(Input material begins)

Lemma grid_t2dom_grow n m (S : {set 'I_n * 'I_m}) : 2 <= n -> 2 <= m -> grid_t2dom S ->
  exists2 S' : {set 'I_n.+1 * 'I_m.+1}, grid_t2dom S' & #|S'| <= #|S| + 2.
Proof.
move=> n2 m2 domS.
case: (boolP [forall j, 1 < col_card S j]) => [/forallP|/forallPn[j0]].
  exact: grid_t2dom_extend_cols.
case: (boolP [forall i, 1 < row_card S i]) => [/forallP rowS|/forallPn[i0]].
  have [S'' domS'' cardS''] :
      exists2 S'' : {set 'I_m.+1 * 'I_n.+1}, grid_t2dom S'' & #|S''| <= #|trset S| + 2.
    by apply: grid_t2dom_extend_cols (grid_t2dom_tr domS) _ => // j; rewrite col_card_tr.
  by exists (trset S''); rewrite ?card_trset -?(card_trset S) //; exact: grid_t2dom_tr.
rewrite -!leqNgt => row_i0 col_j0.
have [rowS colS [i1 _ row_i1] [j1 _ col_j1]] := grid_t2dom_sparse_lines domS row_i0 col_j0.
by apply: (grid_t2dom_extend_lines (i1 := i1) (j1 := j1)); rewrite // ltnW.
Qed.

Lemma grid_t2dom_two_rows n m : 2 <= n -> 2 <= m ->
  exists2 S : {set 'I_n * 'I_m}, grid_t2dom S & #|S| = 2 * m.
Proof.
move=> n2 m2; pose A := [set Ordinal (ltnW n2); Ordinal n2].
have cardA : #|A| = 2 by rewrite cards2.
exists (setX A setT); last by rewrite cardsX cardA cardsT card_ord.
move=> i j; rewrite in_setX in_setT andbT /row_card /col_card.
rewrite (eq_card (B := A)) => [|i']; last by rewrite !inE andbT.
rewrite cardA; case Ai: (i \in A); last by lia.
rewrite (eq_card (B := [set: 'I_m])) => [|j']; last by rewrite inE in_setX Ai !in_setT.
by rewrite cardsT card_ord; lia_bool.
Qed.
(** A well-ordering of a type (whose carrier is uncountable, such as [0,1])
    has order type omega_1 iff each proper initial segment is countable. *)
Definition order_type_omega1 {T : Type} (lt : T -> T -> Prop) : Prop :=
  strict_well_order lt /\ forall z : T, countable_pred (fun y => lt y z).

Definition thresholds {T : Type} (lt : T -> T -> Prop) (h : T -> bool) : Prop :=
  exists z : T, forall x : T, h x = true <-> (lt x z \/ x = z).

Section Littlestone.
Context {X : Type}.
Variable H : (X -> bool) -> Prop.

(** A (finite) Littlestone tree of depth d is given by its node labelling
    [f : list bool -> X]; only the values at lists of length < d matter
    (the node x_u, u in {0,1}^k, k < d, is [f u]). *)
Definition isLTree (d : nat) (f : list bool -> X) : Prop :=
  forall ys : list bool, length ys = d ->
    exists h, H h /\
      forall k : nat, (k < d)%nat -> h (f (firstn k ys)) = nth k ys false.

Definition has_infinite_LTree : Prop :=
  exists f : list bool -> X, forall d : nat, isLTree d f.

Definition LT_prec (d' : nat) (f' : list bool -> X) (d : nat) (f : list bool -> X) : Prop :=
  isLTree d' f' /\ d' = S d /\ forall u : list bool, (length u < d)%nat -> f' u = f u.

(** [rank_ge W ltW d f w] : for a well-order (W, ltW), rank((d,f)) >= the
    order type of the initial segment {v | ltW v w}.  By well-founded
    recursion on w this is characterised by:
      rank(t) >= beta  iff  for all gamma < beta there is t' prec t with
      rank(t') >= gamma,
    which is equivalent to the transfinite definition
    rank(t) = sup { rank(t') + 1 : t' prec t }. *)
Inductive rank_ge (W : Type) (ltW : W -> W -> Prop) :
    nat -> (list bool -> X) -> W -> Prop :=
| rank_ge_intro : forall d f w,
    (forall v, ltW v w -> exists d' f', LT_prec d' f' d f /\ rank_ge W ltW d' f' v) ->
    rank_ge W ltW d f w.

(** rank(empty tree) >= order type of (W, ltW): for every w there is a
    depth-1 Littlestone tree (the trees t' prec empty tree) of rank >= the
    order type of {v | ltW v w}. *)
Definition rank_empty_ge (W : Type) (ltW : W -> W -> Prop) : Prop :=
  forall w : W, exists f' : list bool -> X, isLTree 1 f' /\ rank_ge W ltW 1 f' w.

(Input material ends)

The problem - The full data, repeated exactly, is the only acceptable output.

Result -
Lemma grid_t2dom_grow n m (S : {set 'I_n * 'I_m}) : 2 <= n -> 2 <= m -> grid_t2dom S ->
  exists2 S' : {set 'I_n.+1 * 'I_m.+1}, grid_t2dom S' & #|S'| <= #|S| + 2.
Proof.
move=> n2 m2 domS.
case: (boolP [forall j, 1 < col_card S j]) => [/forallP|/forallPn[j0]].
  exact: grid_t2dom_extend_cols.
case: (boolP [forall i, 1 < row_card S i]) => [/forallP rowS|/forallPn[i0]].
  have [S'' domS'' cardS''] :
      exists2 S'' : {set 'I_m.+1 * 'I_n.+1}, grid_t2dom S'' & #|S''| <= #|trset S| + 2.
    by apply: grid_t2dom_extend_cols (grid_t2dom_tr domS) _ => // j; rewrite col_card_tr.
  by exists (trset S''); rewrite ?card_trset -?(card_trset S) //; exact: grid_t2dom_tr.
rewrite -!leqNgt => row_i0 col_j0.
have [rowS colS [i1 _ row_i1] [j1 _ col_j1]] := grid_t2dom_sparse_lines domS row_i0 col_j0.
by apply: (grid_t2dom_extend_lines (i1 := i1) (j1 := j1)); rewrite // ltnW.
Qed.

Lemma grid_t2dom_two_rows n m : 2 <= n -> 2 <= m ->
  exists2 S : {set 'I_n * 'I_m}, grid_t2dom S & #|S| = 2 * m.
Proof.
move=> n2 m2; pose A := [set Ordinal (ltnW n2); Ordinal n2].
have cardA : #|A| = 2 by rewrite cards2.
exists (setX A setT); last by rewrite cardsX cardA cardsT card_ord.
move=> i j; rewrite in_setX in_setT andbT /row_card /col_card.
rewrite (eq_card (B := A)) => [|i']; last by rewrite !inE andbT.
rewrite cardA; case Ai: (i \in A); last by lia.
rewrite (eq_card (B := [set: 'I_m])) => [|j']; last by rewrite inE in_setX Ai !in_setT.
by rewrite cardsT card_ord; lia_bool.
Qed.
(** A well-ordering of a type (whose carrier is uncountable, such as [0,1])
    has order type omega_1 iff each proper initial segment is countable. *)
Definition order_type_omega1 {T : Type} (lt : T -> T -> Prop) : Prop :=
  strict_well_order lt /\ forall z : T, countable_pred (fun y => lt y z).

Definition thresholds {T : Type} (lt : T -> T -> Prop) (h : T -> bool) : Prop :=
  exists z : T, forall x : T, h x = true <-> (lt x z \/ x = z).

Section Littlestone.
Context {X : Type}.
Variable H : (X -> bool) -> Prop.

(** A (finite) Littlestone tree of depth d is given by its node labelling
    [f : list bool -> X]; only the values at lists of length < d matter
    (the node x_u, u in {0,1}^k, k < d, is [f u]). *)
Definition isLTree (d : nat) (f : list bool -> X) : Prop :=
  forall ys : list bool, length ys = d ->
    exists h, H h /\
      forall k : nat, (k < d)%nat -> h (f (firstn k ys)) = nth k ys false.

Definition has_infinite_LTree : Prop :=
  exists f : list bool -> X, forall d : nat, isLTree d f.

Definition LT_prec (d' : nat) (f' : list bool -> X) (d : nat) (f : list bool -> X) : Prop :=
  isLTree d' f' /\ d' = S d /\ forall u : list bool, (length u < d)%nat -> f' u = f u.

(** [rank_ge W ltW d f w] : for a well-order (W, ltW), rank((d,f)) >= the
    order type of the initial segment {v | ltW v w}.  By well-founded
    recursion on w this is characterised by:
      rank(t) >= beta  iff  for all gamma < beta there is t' prec t with
      rank(t') >= gamma,
    which is equivalent to the transfinite definition
    rank(t) = sup { rank(t') + 1 : t' prec t }. *)
Inductive rank_ge (W : Type) (ltW : W -> W -> Prop) :
    nat -> (list bool -> X) -> W -> Prop :=
| rank_ge_intro : forall d f w,
    (forall v, ltW v w -> exists d' f', LT_prec d' f' d f /\ rank_ge W ltW d' f' v) ->
    rank_ge W ltW d f w.

(** rank(empty tree) >= order type of (W, ltW): for every w there is a
    depth-1 Littlestone tree (the trees t' prec empty tree) of rank >= the
    order type of {v | ltW v w}. *)
Definition rank_empty_ge (W : Type) (ltW : W -> W -> Prop) : Prop :=
  forall w : W, exists f' : list bool -> X, isLTree 1 f' /\ rank_ge W ltW 1 f' w.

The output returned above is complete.